What to do: Check every line of the entries below for "xpart", and copy the lines that have it.

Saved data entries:
--

(* Let $\mathcal{D}\subset\mathbb{R}^d$ be bounded with non-empty interior $\mathcal{D}^\circ$, and let $\mathcal{C}\subset\Gamma\backslash G\times\mathcal{D}^\circ$ be compact. Then there exists $\kappa(\mathcal{C})>0$ such that (i) $F(M,t)<\kappa(\mathcal{C})$ whenever $(\Gamma M,t)\in\mathcal{C}$, and (ii) $F$ is continuous at every $(\Gamma M,t)\in\mathcal{C}$ satisfying \[(\mathbb{Z}^{d+1}M\setminus\{0\})\cap\partial\big((\mathcal{D}-t)\times[0,\kappa(\mathcal{C})]\big)=\emptyset .\]
   Context: Let $G=\operatorname{SL}(d+1,\mathbb{R})$ and $\Gamma=\operatorname{SL}(d+1,\mathbb{Z})$; vectors are row vectors, and $\mathbb{Z}^{d+1}M$ is the lattice spanned by the rows of $M$. For $M\in G$ and $t\in\mathcal{D}$, $F(M,t)=\min\{y>0\mid (x,y)\in\mathbb{Z}^{d+1}M,\ x+t\in\mathcal{D}\}$ (with $x\in\mathbb{R}^d$, $y\in\mathbb{R}$), and $F(M,t)=\infty$ if no minimum exists; $F(M,t)$ depends only on $\Gamma M$, so $F$ is a function on $\Gamma\backslash G\times\mathcal{D}^\circ$. $\mathcal{D}-t=\{x-t\mid x\in\mathcal{D}\}$. *)

From HB Require Import structures.
From mathcomp Require Import all_boot all_order all_algebra.
From mathcomp Require Import all_classical all_reals all_analysis.
Set Implicit Arguments. Unset Strict Implicit. Unset Printing Implicit Defensive.
Import Order.TTheory GRing.Theory Num.Theory.
Import numFieldNormedType.Exports.
Local Open Scope classical_set_scope.
Local Open Scope ring_scope.

(* Vectors are row vectors: R^d = 'rV[R]_d, R^(d+1) = 'rV[R]_(d + 1), and a
   vector v of R^(d+1) is written (x, y) with x = lsubmx v in R^d and
   y = rsubmx v 0 0 in R. *)

(* G = SL(d+1, R) *)
Definition inSL (R : realType) (d : nat) (M : 'M[R]_(d + 1)) : Prop := \det M = 1.

(* Gamma = SL(d+1, Z), acting on the left. *)
Definition inSLZ (d : nat) (g : 'M[int]_(d + 1)) : Prop := \det g = 1.

Definition intmx (R : realType) (m n : nat) (A : 'M[int]_(m, n)) : 'M[R]_(m, n) :=
  map_mx (fun z : int => z%:~R) A.

Definition latpt (R : realType) (d : nat) (M : 'M[R]_(d + 1)) (u : 'rV[int]_(d + 1))
  : 'rV[R]_(d + 1) := intmx R u *m M.

Definition xpart (R : realType) (d : nat) (v : 'rV[R]_(d + 1)) : 'rV[R]_d := lsubmx v.
Definition ypart (R : realType) (d : nat) (v : 'rV[R]_(d + 1)) : R := rsubmx v 0 0.

Definition Fset (R : realType) (d : nat) (D : set 'rV[R]_d)
  (M : 'M[R]_(d + 1)) (t : 'rV[R]_d) : set R :=
  [set y | 0 < y /\ exists u : 'rV[int]_(d + 1),
      ypart (latpt M u) = y /\ D (xpart (latpt M u) + t)].

Definition Ffun (R : realType) (d : nat) (D : set 'rV[R]_d)
  (M : 'M[R]_(d + 1)) (t : 'rV[R]_d) : \bar R :=
  match pselect (exists y, Fset D M t y /\ forall y', Fset D M t y' -> y <= y') with
  | left h => (projT1 (cid h))%:E
  | right _ => +oo%E
  end.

--

Task result:
Definition xpart (R : realType) (d : nat) (v : 'rV[R]_(d + 1)) : 'rV[R]_d := lsubmx v.
      ypart (latpt M u) = y /\ D (xpart (latpt M u) + t)].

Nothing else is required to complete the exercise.